Axial SpA and IBD: A Huge Reminder
I recently had a hell of a week; it was painful and laborious. I've been side-tracked with symptoms of inflammatory bowel disease (IBD). Not only did I spend a weekend in the bathroom, but I was also holed up in my bedroom - knees tucked up to my belly, head throbbing, and feeling exhausted from fighting the severe gut pain - all the while running back and forth between the two rooms.
Not an isolated incident
As the new week begins, I am still having a difficult time with the intestinal pain and swelling that has wrenched me quite a bit. And it’s not an isolated incident; this happens often. It’s a reminder of the high inflammation in my body in relation to my chronic inflammatory disease, spondyloarthritis (SpA) – conditions found to be linked to each other, IBD is "frequently observed in the setting of SpA, an extra-articular manifestation, and in fact, part of the SpA classification criteria."1
Irritable bowel syndrome (IBS) began when I was a small child of 3 or 4 years old. Eating specific foods would irritate my stomach and intestinal tract to the point I was unable to get off the floor due to the pain. Hunched over and clutching my stomach, I would cry and plead with my parents to make the pain and discomfort stop. Moments like this plagued my teen years as well as continue to be a common occurrence should I not take care of my body with preventative medications and diet.

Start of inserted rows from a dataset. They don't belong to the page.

(* Let $\phi$ be a propositional team formula (built from literals $p,\neg p$, the constant $\bot$, the constant $NE$, dependence atoms $=\!(\overline\alpha,\beta)$, inclusion atoms $\overline\alpha\subseteq\overline\alpha'$ and independence atoms $\overline\alpha\perp\overline\beta$ over classical propositional formulas, using $\wedge,\otimes,\vee,\circledast$), let $p\in Prop$, and suppose $\phi$ is downward closed. Then $\phi\models \phi[p|\top]\otimes\phi[p|\bot]$, i.e. every team satisfying $\phi$ satisfies $\phi[p|\top]\otimes\phi[p|\bot]$.
   Context: $Prop$ is a nonempty set of propositional letters. A team is a set $X$ of valuations $s:Prop\to\{0,1\}$. Semantics: $X\models\bot$ iff $X=\emptyset$; $X\models p$ iff $s(p)=1$ for all $s\in X$; $X\models\neg p$ iff $s(p)=0$ for all $s\in X$; $X\models NE$ iff $X\neq\emptyset$; $X\models\phi_1\wedge\phi_2$ iff $X\models\phi_1$ and $X\models\phi_2$; $X\models\phi_1\otimes\phi_2$ iff there are $X_1,X_2$ with $X=X_1\cup X_2$, $X_1\models\phi_1$, $X_2\models\phi_2$; $X\models\phi_1\vee\phi_2$ iff $X\models\phi_1$ or $X\models\phi_2$; $X\models\phi_1\circledast\phi_2$ iff $X=\emptyset$ or there are nonempty $X_1,X_2$ with $X=X_1\cup X_2$, $X_1\models\phi_1$, $X_2\models\phi_2$. For classical propositional formulas $\alpha$, $s(\alpha)\in\{0,1\}$ is the usual truth value and $s(\overline\alpha)$ the tuple of values; $X\models{=}(\overline\alpha,\beta)$ iff for all $s,s'\in X$, $s(\overline\alpha)=s'(\overline\alpha)$ implies $s(\beta)=s'(\beta)$; $X\models\overline\alpha\subseteq\overline\alpha'$ iff for every $s\in X$ there is $s'\in X$ with $s(\overline\alpha)=s'(\overline\alpha')$; $X\models\overline\alpha\perp\overline\beta$ iff for all $s,s'\in X$ there is $s''\in X$ with $s''(\overline\alpha)=s(\overline\alpha)$ and $s''(\overline\beta)=s'(\overline\beta)$. $\top$ denotes $q\otimes\neg q$ for a letter $q$ (true in every team). The substitution $\phi[p|\top]$ is defined inductively: $p\mapsto\top$, $\neg p\mapsto\bot$, $\bot\mapsto\bot$, other literals and $NE$ unchanged, commuting with all connectives, and inside atoms the classical formulas are substituted classically ($p$ replaced by a true constant); $\phi[p|\bot]$ is analogous with $p\mapsto\bot$, $\neg p\mapsto\top$. A formula $\phi$ is downward closed if $X\models\phi$ and $Y\subseteq X$ imply $Y\models\phi$. *)

From Stdlib Require Import List Bool Classical ClassicalEpsilon.
Import ListNotations.
Set Implicit Arguments.

Section TeamLogic.
Variable L : Type.

Definition valuation := L -> bool.
Definition team := valuation -> Prop.

Inductive cform :=
| CVar : L -> cform
| CTrue : cform
| CFalse : cform
| CNeg : cform -> cform
| CAnd : cform -> cform -> cform
| COr : cform -> cform -> cform.

Fixpoint cval (s : valuation) (a : cform) : bool :=
  match a with
  | CVar p => s p
  | CTrue => true
  | CFalse => false
  | CNeg a => negb (cval s a)
  | CAnd a b => cval s a && cval s b
  | COr a b => cval s a || cval s b
  end.

Definition cvals (s : valuation) (xs : list cform) : list bool := map (cval s) xs.

Inductive tform :=
| TLit : L -> tform
| TNLit : L -> tform
| TBot : tform
| TNE : tform
| TDep : list cform -> cform -> tform
| TInc : list cform -> list cform -> tform
| TInd : list cform -> list cform -> tform
| TAnd : tform -> tform -> tform
| TTensor : tform -> tform -> tform
| TOr : tform -> tform -> tform
| TCirc : tform -> tform -> tform.

Definition sub_team (Y X : team) := forall s, Y s -> X s.
Definition union_eq (X X1 X2 : team) := forall s, X s <-> (X1 s \/ X2 s).
Definition empty_team (X : team) := forall s, ~ X s.

Fixpoint sat (X : team) (f : tform) : Prop :=
  match f with
  | TLit p => forall s, X s -> s p = true
  | TNLit p => forall s, X s -> s p = false
  | TBot => empty_team X
  | TNE => exists s, X s
  | TDep xs b => forall s s', X s -> X s' -> cvals s xs = cvals s' xs ->
                  cval s b = cval s' b
  | TInc xs ys => forall s, X s -> exists s', X s' /\ cvals s xs = cvals s' ys
  | TInd xs ys => forall s s', X s -> X s' -> exists s'', X s'' /\
                  cvals s'' xs = cvals s xs /\ cvals s'' ys = cvals s' ys
  | TAnd f g => sat X f /\ sat X g
  | TTensor f g => exists X1 X2, union_eq X X1 X2 /\ sat X1 f /\ sat X2 g
  | TOr f g => sat X f \/ sat X g
  | TCirc f g => empty_team X \/
      exists X1 X2, (exists s, X1 s) /\ (exists s, X2 s) /\
        union_eq X X1 X2 /\ sat X1 f /\ sat X2 g
  end.

Definition downward_closed (f : tform) : Prop :=
  forall X Y : team, sat X f -> sub_team Y X -> sat Y f.

Definition entails (f g : tform) : Prop := forall X : team, sat X f -> sat X g.

Definition leq_dec (a b : L) : {a = b} + {a <> b} :=
  excluded_middle_informative (a = b).

Fixpoint csubst (p : L) (c : cform) (a : cform) : cform :=
  match a with
  | CVar r => if leq_dec r p then c else CVar r
  | CTrue => CTrue
  | CFalse => CFalse
  | CNeg a => CNeg (csubst p c a)
  | CAnd a b => CAnd (csubst p c a) (csubst p c b)
  | COr a b => COr (csubst p c a) (csubst p c b)
  end.

Definition ttop (q : L) : tform := TTensor (TLit q) (TNLit q).

(* phi[p|top] (b = true) and phi[p|bot] (b = false), with top = q (x) ~q *)
Fixpoint tsubst (q p : L) (b : bool) (f : tform) : tform :=
  let c := if b then CTrue else CFalse in
  match f with
  | TLit r => if leq_dec r p then (if b then ttop q else TBot) else TLit r
  | TNLit r => if leq_dec r p then (if b then TBot else ttop q) else TNLit r
  | TBot => TBot
  | TNE => TNE
  | TDep xs y => TDep (map (csubst p c) xs) (csubst p c y)
  | TInc xs ys => TInc (map (csubst p c) xs) (map (csubst p c) ys)
  | TInd xs ys => TInd (map (csubst p c) xs) (map (csubst p c) ys)
  | TAnd f g => TAnd (tsubst q p b f) (tsubst q p b g)
  | TTensor f g => TTensor (tsubst q p b f) (tsubst q p b g)
  | TOr f g => TOr (tsubst q p b f) (tsubst q p b g)
  | TCirc f g => TCirc (tsubst q p b f) (tsubst q p b g)
  end.

End TeamLogic.

(* Split a team X satisfying phi into the part where p is true and the part
   where p is false; both satisfy phi by downward closure.  On a team where p
   has the constant value b, phi and phi[p|b] are satisfied alike: literals
   of p become either top (true in every team) or bottom (and the team, being
   constant on p, is then empty), and the classical formulas inside atoms keep
   their value under the substitution. *)
From Stdlib Require Import List.
Set Implicit Arguments.

Section Substitution.
Variables (L : Type) (q p : L).

Definition restrict (X : team L) (b : bool) : team L := fun s => X s /\ s p = b.

Lemma restrict_sub (X : team L) (b : bool) : sub_team (restrict X b) X.
Proof. intros s [Hs _]; exact Hs. Qed.

Lemma restrict_const (X : team L) (b : bool) :
  forall s, restrict X b s -> s p = b.
Proof. intros s [_ Hb]; exact Hb. Qed.

Lemma union_restrict (X : team L) : union_eq X (restrict X true) (restrict X false).
Proof.
  intro s; unfold restrict; destruct (s p); intuition discriminate.
Qed.

Lemma sat_ttop (Y : team L) : sat Y (ttop q).
Proof.
  exists (fun s => Y s /\ s q = true), (fun s => Y s /\ s q = false).
  split; [| split]; [| intros s [_ H]; exact H ..].
  intro s; destruct (s q); intuition discriminate.
Qed.

Lemma cval_csubst (b : bool) (s : valuation L) (a : cform L) :
  s p = b -> cval s (csubst p (if b then CTrue L else CFalse L) a) = cval s a.
Proof.
  intro Hb; induction a as [r | | | a IH | a IHa a' IHa' | a IHa a' IHa'];
    simpl; try congruence.
  destruct (leq_dec r p) as [-> |]; [rewrite Hb; destruct b |]; reflexivity.
Qed.

Lemma cvals_csubst (b : bool) (s : valuation L) (xs : list (cform L)) :
  s p = b -> cvals s (map (csubst p (if b then CTrue L else CFalse L)) xs) = cvals s xs.
Proof.
  intro Hb; unfold cvals; rewrite map_map.
  apply map_ext; intro a; apply cval_csubst, Hb.
Qed.

Lemma sat_tsubst_const (b : bool) (f : tform L) :
  forall Y : team L, (forall s, Y s -> s p = b) -> sat Y f -> sat Y (tsubst q p b f).
Proof.
  induction f as [r | r | | | xs y | xs ys | xs ys | f IHf g IHg
                 | f IHf g IHg | f IHf g IHg | f IHf g IHg];
    intros Y HY H; simpl in *.
  - destruct (leq_dec r p) as [-> |]; [| exact H].
    destruct b; [apply sat_ttop |].
    intros s Hs; specialize (H s Hs); specialize (HY s Hs); congruence.
  - destruct (leq_dec r p) as [-> |]; [| exact H].
    destruct b; [| apply sat_ttop].
    intros s Hs; specialize (H s Hs); specialize (HY s Hs); congruence.
  - exact H.
  - exact H.
  - intros s s' Hs Hs' E.
    rewrite !cvals_csubst in E by auto; rewrite !cval_csubst by auto.
    apply H; assumption.
  - intros s Hs; destruct (H s Hs) as [s' [Hs' E]].
    exists s'; rewrite !cvals_csubst by auto; auto.
  - intros s s' Hs Hs'; destruct (H s s' Hs Hs') as [s'' [Hs'' E]].
    exists s''; rewrite !cvals_csubst by auto; auto.
  - destruct H; split; auto.
  - destruct H as [X1 [X2 [U [H1 H2]]]].
    exists X1, X2; split; [exact U | split].
    + apply IHf; [intros s Hs; apply HY, U; auto | exact H1].
    + apply IHg; [intros s Hs; apply HY, U; auto | exact H2].
  - destruct H; [left | right]; auto.
  - destruct H as [H | [X1 [X2 [N1 [N2 [U [H1 H2]]]]]]]; [left; exact H | right].
    exists X1, X2; split; [exact N1 | split; [exact N2 | split; [exact U | split]]].
    + apply IHf; [intros s Hs; apply HY, U; auto | exact H1].
    + apply IHg; [intros s Hs; apply HY, U; auto | exact H2].
Qed.

End Substitution.

Theorem mainTheorem1 (L : Type) (q p : L) (phi : tform L) :
  downward_closed phi ->
  entails phi (TTensor (tsubst q p true phi) (tsubst q p false phi)).
Proof.
  intros Hdown X H.
  exists (restrict p X true), (restrict p X false).
  split; [apply union_restrict | split].
  - apply sat_tsubst_const; [apply restrict_const |].
    apply (Hdown X); [exact H | apply restrict_sub].
  - apply sat_tsubst_const; [apply restrict_const |].
    apply (Hdown X); [exact H | apply restrict_sub].
Qed.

Now diagnosed with inflammatory bowel disease, I currently have instances when a normal regime of meats, carbs, dairy, fruits, legumes, and veggies set me off into painful days. I am glued to the commode, clutching my belly, crying for relief, with bouts of diarrhea and constipation (mixed IBD), sometimes with mucus and blood, fatigued beyond belief. TMI, right? But honestly, I know that when I get this way, there is no way to avoid this experience other than to wait it out, hoping and wishing for relief, and praying it ends sooner than later.
More than I bargained for
We’ve recently purchased a new home, and lately, we've been eating out more and more due to packing for our new place. Maintaining the current rental and moving, I’ve truly taken on more than I bargained for. Much too tired to cook and stressed about the move, we seem stuck where we must rely heavily on the convenience restaurants offer. I do my best to eat wisely, choosing nutritious food from the menus, but still...a slight whisper reminds me, “Cook a meal at home, you won't regret it."

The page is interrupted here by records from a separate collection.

Definition trichotomy x y w :=
  let a := [&& ~~ (x ** w =?= w ** x), ~~ (y ** x ** w ** x =?= x ** w ** x ** y),
     ~~ (x ** y ** x ** w ** x ** y =?= y ** x ** w ** x ** y ** x), ~~ (y ** w =?= w ** y),
     ~~ (x ** y ** w ** y =?= y ** w ** y ** x)
   & ~~ (y ** x ** y ** w ** y ** x =?= x ** y ** w ** y ** x ** y)] in
  let b := [&& ~~ (x ** w =?= w ** x), ~~ (y ** x ** w ** x =?= x ** w ** x ** y),
     x ** y ** x ** w ** x ** y =?= y ** x ** w ** x ** y ** x, y ** w =?= w ** y,
     ~~ (x ** y ** w =?= y ** w ** x)
   & ~~ (y ** x ** y ** w ** x =?= x ** y ** w ** x ** y)] in
  let c := [&& x ** w =?= w ** x, ~~ (y ** x ** w =?= x ** w ** y),
     ~~ (x ** y ** x ** w ** y =?= y ** x ** w ** y ** x), ~~ (y ** w =?= w ** y),
     ~~ (x ** y ** w ** y =?= y ** w ** y ** x)
   & y ** x ** y ** w ** y ** x =?= x ** y ** w ** y ** x ** y] in
  [|| [&& a, ~~ b & ~~ c], [&& ~~ a, b & ~~ c] | [&& ~~ a, ~~ b & c]].
End Trichotomy.

Section Transport.
Variables (T T' : Type) (mul : T -> T -> T) (eq : T -> T -> bool).
Variables (mul' : T' -> T' -> T') (eq' : T' -> T' -> bool) (f : T -> T').
Hypothesis f_mul : {morph f : a b / mul a b >-> mul' a b}.
Hypothesis f_eq : forall a b, eq' (f a) (f b) = eq a b.

Lemma ltimesG_morph s v : ltimesG mul' eq' (f s) (f v) = f (ltimesG mul eq s v).
Proof. by rewrite /ltimesG -!f_mul f_eq; case: (eq _ _). Qed.

Lemma trichotomy_morph x y w : trichotomy mul' eq' (f x) (f y) (f w) = trichotomy mul eq x y w.
Proof. by rewrite /trichotomy -!f_mul !f_eq. Qed.
End Transport.

(* Words in [LSwap a b] (the transposition of the window points with labels
   [a] and [b]) and [LW] (standing for [w]).  Labels 0, 1, 2 denote the window
   points q0 < q1 < q2 and label [3 + i] denotes [w q_i] when it lies outside
   the window.  A pattern [c] records [w] on the window: [w q_i = q_(c_i)] if
   [c_i < 3], and [w q_i] lies outside the window otherwise. *)
Inductive letter := LSwap of nat & nat | LW.

Definition is_LW x := if x is LW then true else false.
Definition in_window x := if x is LSwap a b then (a < 3) && (b < 3) else true.

Definition pat (c : nat * nat * nat) (i : nat) := nth 3 [:: c.1.1; c.1.2; c.2] i.
Definition labels c : seq nat :=
  [:: 0%N; 1%N; 2] ++ [seq 3 + i | i <- [:: 0%N; 1%N; 2] & 3 <= pat c i].
Definition lab_w c (l : nat) := if l < 3 then (if pat c l < 3 then pat c l else 3 + l) else l - 3.
Definition lab_swap (a b l : nat) := if l == a then b else if l == b then a else l.
Definition lab_letter c x (l : nat) := if x is LSwap a b then lab_swap a b l else lab_w c l.
Definition lab_word c (u : seq letter) (l : nat) := foldl (fun l x => lab_letter c x l) l u.

Lemma mem_labels c l : (l \in labels c) = (l < 3) || ((3 <= l < 6) && (3 <= pat c (l - 3))).
Proof.
rewrite /labels mem_cat !inE; case: l => [|[|[|[|[|[|l]]]]]] //=;
  by rewrite /pat /=; case: (3 <= _); case: (3 <= _); case: (3 <= _).
Qed.

Definition pat_invol c :=
  all (fun i => (pat c i < 3) ==> (pat c (pat c i) == i)) [:: 0%N; 1%N; 2].

Lemma in_window_ltimesG e (s v : seq letter) :
  all in_window s -> all in_window v -> all in_window (ltimesG cat e s v).
Proof. by rewrite /ltimesG => s_in v_in; case: e; rewrite !all_cat ?s_in ?v_in. Qed.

Though ordering food is convenient, it torments me. Between the large portions, the additives and preservatives, carbs, grease, and fat, it is all unmanageable, dangerous, and taxing for my gut. But with stress from the move and fatigue from inflammatory arthritis, I cave in and order delivery from the "next best" restaurant only 15 minutes away. A habit now, I order not once but find myself doing it on several occasions to ease and manage our schedules.
Out and about
Thursday prior to my bout of IBD, we are out and about to Home Depot for boxes and packing tape. We stopped for a burger and fries at our favorite burger joint in town. Treating myself, I ordered the turtle cup for dessert made with caramel, milk chocolate, and nuts over vanilla ice cream. Delicious! No big deal.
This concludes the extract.